The culture and art of a people are the features of its face.
And I am sorry to say that the features of our Arab nation have
been obliterated; they are lost to all of the wellsprings of
our culture and art -- poetry, literature, song, theatre, the
plastic arts, archaeology, and all else.
Some are
sure to ask why the features of culture have been obliterated
in our lands. The reasons are many, some political, some economic,
and some religious. I can say briefly that the political reasons
are embodied in the lack of freedom, which is itself the secret
of the creativity of any artist, and the lack of any coherent
national project or great dream for the Arab nation, or even
the hope for a renaissance that might ignite the energies and
creativity of poets, writers, and artists.
For their
part, the economic reasons are simply that in difficult times
art becomes no more than a remunerative vocation rather than
a higher calling. Humans lose their sensitivities, creativity,
and their respect for art in their quest for a crust of bread.
Now to the
reasons of religion. There has been in circulation for long
years the erroneous notion that religion is opposed to art,
or that it sees art as entirety interdicted (haram).
Many a distinguished artist, believing this, has retired, whereas
in truth, religion is innocent of the charge that it repudiates
art. To the contrary, Islam has taken a great interest in the
arts and culture and their influence on refinement of sensitivities
and taste and the development of the psyche and the spirit.
Indeed, the prophet Muhammad endeavored to fix in the community
the importance of culture and the arts. He did this in many
ways, the most obvious of which was through the use of drawing
in making a point. He was also a lover of poetry and he would
receive poets with the warmest of welcomes.
This is
especially well illustrated by the place the poet Hassan Ibn
Thabit held in the affections of the Prophet, who would say
to him, "Address me in verse," and "The Holy
Spirit is with you." He never said things like this to
any of the other Companions; instead he spoke thus to a man
who possessed the power of creativity, thereby endorsing the
enterprise of culture and the arts and serving thought and the
advancement of understanding in the community.
Islam did
not repudiate earlier culture, it employed it in service of
the new idea it was calling for. Nor did it renounce the mu'allaqat
(pre-Islamic odes), poetry, or the annual poetry competitions
held at the market town of 'Ukaz and other places. It simply
transformed it from an unstructured culture into an advanced
one. It played an enormous role and exercised far-reaching influence
in the establishment of a great civilization, which has lasted
for thousands of years.
The scriptures
speak to us of the prophet David and his voice and his lyre,
the sweetness of which affected even the birds and the mountains.
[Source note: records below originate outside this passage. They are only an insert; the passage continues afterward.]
Definition cjoin (V1 V2 : finType) (D : {set {set V1}}) (G : {set {set V2}})
  : {set {set (V1 + V2)%type}} :=
  [set s : {set (V1 + V2)%type} | (inl @^-1: s \in D) && (inr @^-1: s \in G)].

Definition skel_adj (V : finType) (G : {set {set V}}) (u v : V) : bool :=
  (u != v) && ([set u; v] \in G).

Definition edge_2K2 (i j : 'I_4) : bool :=
  let a := minn i j in let b := maxn i j in
  ((a == 0) && (b == 1)) || ((a == 2) && (b == 3)).
Definition edge_P4 (i j : 'I_4) : bool :=
  let a := minn i j in let b := maxn i j in
  ((a == 0) && (b == 1)) || ((a == 1) && (b == 2)) || ((a == 2) && (b == 3)).
Definition edge_C4 (i j : 'I_4) : bool :=
  let a := minn i j in let b := maxn i j in
  ((a == 0) && (b == 1)) || ((a == 1) && (b == 2)) || ((a == 2) && (b == 3))
  || ((a == 0) && (b == 3)).

Definition induced_in_skel (V : finType) (G : {set {set V}}) (H : 'I_4 -> 'I_4 -> bool)
  : Prop :=
  exists f : 'I_4 -> V, injective f /\
    forall i j : 'I_4, i != j -> (skel_adj G (f i) (f j) = H i j).

(* If the 1-skeleton of G contains an induced 2K2, P4 or C4, it has edges ab and
   ce whose "diagonals" ac and be are non-edges.  In a realization (P, mu) of the
   join, the non-edges give mu = alpha + gamma = beta + delta with alpha, beta,
   gamma, delta in P_a, P_b, P_c, P_e.  Put w = gamma + delta - mu =
   mu - alpha - beta.  If mu + r w lay in P_s for a face s of D, rescaling by
   1/(1 + |r|) (all polytopes contain 0) would put mu in P_s + P_a + P_b (r >= 0)
   or in P_s + P_c + P_e (r <= 0), although both are faces of the join.  So the
   line mu + Rw misses every P_s with s in D, while it meets P_s for every
   non-face s; projecting along w then realizes D in one dimension less. *)

From HB Require Import structures.
From mathcomp Require Import all_boot all_order all_algebra.
From mathcomp Require Import boolp reals.
From mathcomp Require Import ring.
Set Implicit Arguments. Unset Strict Implicit. Unset Printing Implicit Defensive.
Import Order.TTheory GRing.Theory Num.Theory.
Local Open Scope ring_scope.

Section ConvexHull.
Variables (R : realType) (n : nat).
Implicit Types (S : seq 'rV[R]_n) (x : 'rV[R]_n).

Lemma mem_in_conv S x : x \in S -> in_conv S x.
Proof.
move=> xS; have xi : (index x S < size S)%N by rewrite index_mem.
exists (fun i => (i == Ordinal xi)%:R); split; first by move=> i; rewrite ler0n.
split; rewrite (bigD1 (Ordinal xi)) //= eqxx ?scale1r ?nth_index //.
  by rewrite big1 ?addr0 // => i /negbTE ->.
by rewrite big1 ?addr0 // => i /negbTE ->; rewrite scale0r.
Qed.

Lemma in_conv_scale S x l :
  in_conv S 0 -> in_conv S x -> 0 <= l <= 1 -> in_conv S (l *: x).
Proof.
move=> [v [v0 [v1 S0]]] [w [w0 [w1 ->]]] /andP [l0 l1].
exists (fun i => l * w i + (1 - l) * v i); split.
  by move=> i; rewrite addr_ge0 // mulr_ge0 ?subr_ge0.
split; first by rewrite big_split /= -!mulr_sumr w1 v1 !mulr1 addrC subrK.
rewrite [RHS](eq_bigr (fun i => l *: (w i *: S`_i) + (1 - l) *: (v i *: S`_i))).
  by rewrite big_split /= -!scaler_sumr -S0 scaler0 addr0.
by move=> i _; rewrite !scalerA -scalerDl.
Qed.

Lemma in_conv_coord_eq0 S x k :
  (forall y, y \in S -> y 0 k = 0) -> in_conv S x -> x 0 k = 0.
Proof.
move=> S0 [w [_ [_ ->]]]; rewrite summxE big1 // => i _.
by rewrite mxE S0 ?mulr0 // mem_nth.
Qed.

Lemma in_conv_nat S x :
  in_conv S x <-> exists w : nat -> R, (forall i, 0 <= w i) /\
    \sum_(i < size S) w i = 1 /\ x = \sum_(i < size S) w i *: S`_i.
Proof.
split=> [[w [w0 [w1 ->]]] | [w [w0 [w1 ->]]]]; last first.
  by exists (fun i : 'I_(size S) => w i).
exists (fun i => oapp w 0 (insub i)); split.
  by move=> i; case: insub => //= ?; apply: w0.
by split; [rewrite -w1|]; apply: eq_bigr => i _; rewrite valK.
Qed.

End ConvexHull.

Lemma in_conv_map (R : realType) n m (f : {linear 'rV[R]_n -> 'rV[R]_m})
    (S : seq 'rV[R]_n) y :
  in_conv (map f S) y <-> exists2 x, in_conv S x & f x = y.
Proof.
have fE (w : nat -> R) : f (\sum_(i < size S) w i *: S`_i) =
    \sum_(i < size (map f S)) w i *: (map f S)`_i.
  rewrite linear_sum size_map; apply: eq_bigr => i _.
  by rewrite linearZ (set_nth_default (f 0)) ?size_map // (nth_map 0).
split=> [/in_conv_nat [w [w0 [w1 ->]]] | [x /in_conv_nat [w [w0 [w1 ->]]] <-]].
  exists (\sum_(i < size S) w i *: S`_i); last by rewrite fE.
  by apply/in_conv_nat; exists w; rewrite -(size_map f).
by apply/in_conv_nat; exists w; rewrite fE size_map.
Qed.

Section MinkowskiSum.
Variables (R : realType) (n : nat) (V : finType) (P : V -> seq 'rV[R]_n).
Implicit Types (A B s : {set V}) (p q y : 'rV[R]_n).

Lemma in_mink_set1 i p : in_conv (P i) p -> in_mink P [set i] p.
Proof.
by move=> Pp; exists (fun=> p); split; [move=> j /set1P -> | rewrite big_set1].
Qed.

Lemma in_mink_setU A B p q : [disjoint A & B] ->
  in_mink P A p -> in_mink P B q -> in_mink P (A :|: B) (p + q).
Proof.
move=> AB [x [xA ->]] [y [yB ->]].
exists (fun i => if i \in A then x i else y i); split.
  by move=> i; rewrite inE; case: ifP => [iA _ | _ /= iB]; [apply: xA | apply: yB].
rewrite [RHS](eq_bigl [predU A & B]) => [|i]; last by rewrite !inE.
rewrite bigU //; congr (_ + _); apply: eq_bigr => i; first by move->.
by move=> /(disjointFl AB) ->.
Qed.

Lemma in_mink_set2 u v y : u != v ->
  in_mink P [set u; v] y <->
  exists p q, [/\ in_conv (P u) p, in_conv (P v) q & y = p + q].
Proof.
move=> uv; split=> [[x [xP ->]] | [p [q [Pp Pq ->]]]].
  exists (x u), (x v); split; try by apply: xP; rewrite !inE eqxx ?orbT.
  by rewrite big_setU1 ?big_set1 // inE.
by apply: in_mink_setU; rewrite ?disjoints1 ?inE //; apply: in_mink_set1.
Qed.

Lemma in_mink_scale A p l : (forall i, in_conv (P i) 0) ->
  in_mink P A p -> 0 <= l <= 1 -> in_mink P A (l *: p).
Proof.
move=> P0 [x [xP ->]] l01; exists (fun i => l *: x i); split.
  by move=> i /xP xi; apply: in_conv_scale.
by rewrite scaler_sumr.
Qed.

Lemma in_mink_map m (f : {linear 'rV[R]_n -> 'rV[R]_m}) s (y : 'rV[R]_m) :
  in_mink (fun i => map f (P i)) s y <-> exists2 x, in_mink P s x & f x = y.
Proof.
split=> [[y' [y'P ->]] | [_ [z [zP ->]] <-]]; last first.
  exists (fun i => f (z i)); split; last by rewrite linear_sum.
  by move=> i /zP zi; apply/in_conv_map; exists (z i).
have /choice [x xP] : forall i, exists x, i \in s -> in_conv (P i) x /\ f x = y' i.
  move=> i; case/boolP: (i \in s) => [/y'P/in_conv_map [x] | _]; last by exists 0.
  by exists x.
exists (\sum_(i in s) x i); first by exists x; split=> // i /xP [].
by rewrite linear_sum; apply: eq_bigr => i /xP [].
Qed.

Lemma in_mink_imset (W : finType) (h : W -> V) (s : {set W}) p : injective h ->
  in_mink P (h @: s) p <-> in_mink (P \o h) s p.
Proof.
move=> h_inj; split=> [[x [xP ->]] | [x [xP ->]]].
  exists (x \o h); split; first by move=> i si; apply: xP; rewrite imset_f.
  by rewrite big_imset // => ? ? _ _ /h_inj.
have pickK i : [pick j | h j == h i] = Some i.
  by case: pickP => [j /eqP/h_inj -> // | /(_ i)]; rewrite eqxx.
exists (fun j => oapp x 0 [pick i | h i == j]); split.
  by move=> _ /imsetP [i si ->]; rewrite pickK; apply: xP.
rewrite big_imset => [|? ? _ _ /h_inj] //.
by apply: eq_bigr => i _; rewrite pickK.
Qed.

Lemma in_mink_ray A u v p q mu t : (forall i, in_conv (P i) 0) ->
  [disjoint A & [set u; v]] -> u != v -> in_conv (P u) p -> in_conv (P v) q ->
  0 <= t -> in_mink P A (mu + t *: (mu - p - q)) -> in_mink P (A :|: [set u; v]) mu.
Proof.
move=> P0 Auv uv Pp Pq t0 Az.
have t1 : 0 < 1 + t by rewrite ltr_wpDr.
have -> : mu = (1 + t)^-1 *: (mu + t *: (mu - p - q)) +
               ((t / (1 + t)) *: p + (t / (1 + t)) *: q).
  by apply/rowP => j; rewrite !mxE; field; rewrite gt_eqF.
have t01 : 0 <= t / (1 + t) <= 1.
  by rewrite divr_ge0 ?(ltW t1) //= ler_pdivrMr // mul1r lerDr.
apply: in_mink_setU => //.
  by apply: in_mink_scale; rewrite // invr_ge0 ltW //= invf_le1 // lerDl.
by apply/in_mink_set2 => //; exists (t / (1 + t) *: p), (t / (1 + t) *: q);
  split=> //; apply: in_conv_scale.
Qed.

End MinkowskiSum.

Definition realizes (R : realType) n (V : finType) (P : V -> seq 'rV[R]_n)
    (mu : 'rV[R]_n) (D : {set {set V}}) : Prop :=
  (forall i, in_conv (P i) 0) /\ (forall s, s \in D <-> ~ in_mink P s mu).

Section CtdMin.
Variables (R : realType) (V : finType) (D : {set {set V}}).

Lemma ctd_min d : ctd_realizable R D d -> (ctd R D <= d)%N.
Proof.
move=> Dd; rewrite /ctd; case: pselect => [h | []]; last by exists d.
by case: ex_minnP => k _; apply; apply/asboolP.
Qed.

Lemma ctd_realizable_ctd :
  (exists d, ctd_realizable R D d) -> ctd_realizable R D (ctd R D).
Proof.
by move=> Dd; rewrite /ctd; case: pselect => [h | //]; case: ex_minnP => k /asboolP.
Qed.

End CtdMin.

Section CubeRealization.
Variables (R : realType) (V : finType) (D : {set {set V}}).
Hypothesis D_complex : is_complex D.

(* Coordinates are indexed by the subsets of V.  The coordinate of a face s of D
   separates mu from P_s, while for a non-face s every face of D misses some
   vertex of s, which can supply that coordinate of mu. *)
Local Notation n := #|{set V}|.
Implicit Types (B : {set 'I_n}) (s : {set V}).
Let face (k : 'I_n) : {set V} := enum_val k.
Let ind (B : {set 'I_n}) : 'rV[R]_n := \row_k (k \in B)%:R.
Let avoiding (i : V) := [set k | (face k \in D) && (i \notin face k)].
Let cube (i : V) := [seq ind (B :&: avoiding i) | B <- enum {set 'I_n}].
Let faces_ind := ind [set k | face k \in D].

Lemma in_conv_cube i B : B \subset avoiding i -> in_conv (cube i) (ind B).
Proof.
move=> /setIidPl BA; apply: mem_in_conv; rewrite -BA.
by apply: map_f; rewrite mem_enum.
Qed.

Lemma not_in_mink_cube_face s : s \in D -> ~ in_mink cube s faces_ind.
Proof.
move=> sD [x [xP /rowP /(_ (enum_rank s))]].
rewrite summxE big1 => [|i si].
  by rewrite !mxE inE /face enum_rankK sD => /eqP; rewrite oner_eq0.
apply: in_conv_coord_eq0 (xP i si) => _ /mapP [B _ ->].
by rewrite mxE !inE /face enum_rankK si !andbF.
Qed.

Lemma in_mink_cube_nonface s : s \notin D -> in_mink cube s faces_ind.
Proof.
move=> sD; pose owner (k : 'I_n) := [pick i in s :\: face k].
have ownerE k : face k \in D -> exists2 i, i \in s & owner k = Some i.
  rewrite /owner; case: pickP => [i | none kD].
    by rewrite !inE => /andP [_ si]; exists i.
  case/negP: sD; apply: D_complex.2 kD _; apply/subsetP => y ys.
  by apply/negPn/negP => yk; move: (none y); rewrite !inE yk ys.
exists (fun i => ind [set k | (face k \in D) && (owner k == Some i)]); split.
  move=> i si; apply: in_conv_cube; apply/subsetP => k; rewrite !inE.
  case/andP => -> /eqP; rewrite /owner; case: pickP => // j.
  by rewrite !inE => /andP [jk _] [<-].
apply/rowP => k; rewrite summxE !mxE inE.
case kD: (face k \in D); last by rewrite big1 // => i _; rewrite mxE inE kD.
have [i si ki] := ownerE k kD.
rewrite (bigD1 i) //= mxE inE kD ki eqxx big1 ?addr0 // => j /andP [_ ji].
by rewrite mxE inE kD ki /=; case: eqP => // -[ij]; rewrite ij eqxx in ji.
Qed.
This is a fine distinction to make, that it was he especially
who possessed such a fine voice. Why he? The age of David was
also an age of widespread advancement in many spheres, from
the creation of a powerful army to the establishment of a moral
order, which would not have succeeded without the element of
art and aesthetics represented by David's voice.
Every community
occupies a certain point along the curve of advancement; some
are at the apex of the curve while some are at the nadir. There
are others needing a boost along the curve. I believe this part
of the world is at the beginning of the curve, and we want it
to take a higher position. Simply stated, what is needed are
arts and culture appropriate to the stage it is passing through.
What is
needed are arts and culture that will propel youth toward work,
development, and production. What is needed are arts and culture
that will arouse the energies of youth, because speaking quite
bluntly, I can say that the art that is offered to Arab youth
at present does not fulfill that role at all. To the contrary,
it is driving society toward flaccidity and collapse.
A clear
example of this is the video clip. Recorded music is an extraordinarily
affective medium for the human psyche. The history of the Arab
world shows that. In the 1950s, Egypt and many of the other
Arab countries were just at the beginning of their independence
and at the beginning of an age of hope for a complete transformation
of society. Suddenly, the songs became freighted with the ambitions
of the people for the success of the enterprise. For long years
the Arab people responded to these songs, and they live in the
minds of the Egyptian and Arab people even now, because there
was a cause worth singing about. But the video clips look like
an exhibition of pictures in which everything is topsy-turvy.
Nowadays
video clips comprise imported images superimposed on localized
words with no meaning to them. The result is something that
fails to edify the mind while at the same time ruining the aesthetic
sense and the artistic taste of the audience. Many people think
that the greatest problem with the latest video clips is that
they incite the latent appetites of youth, but the way I see
it is that the greatest scandal of current video clips is not
that they arouse desire but that they pervert the aesthetic
sense.
What is
needed, then, is that all creative artists employ their art
to drive the wheels of progress in the area.
To understand
the relationship between our culture and other world cultures,
we must first recognize that with the information revolution,
the world has become a small village. Whatever happens in the
East truly affects what happens in the West, and it is impossible
to imagine a culture existing closed in upon itself and isolated
from other cultures. Whoever sees the necessity of refusing
to engage with other cultures is living in a cultural coma.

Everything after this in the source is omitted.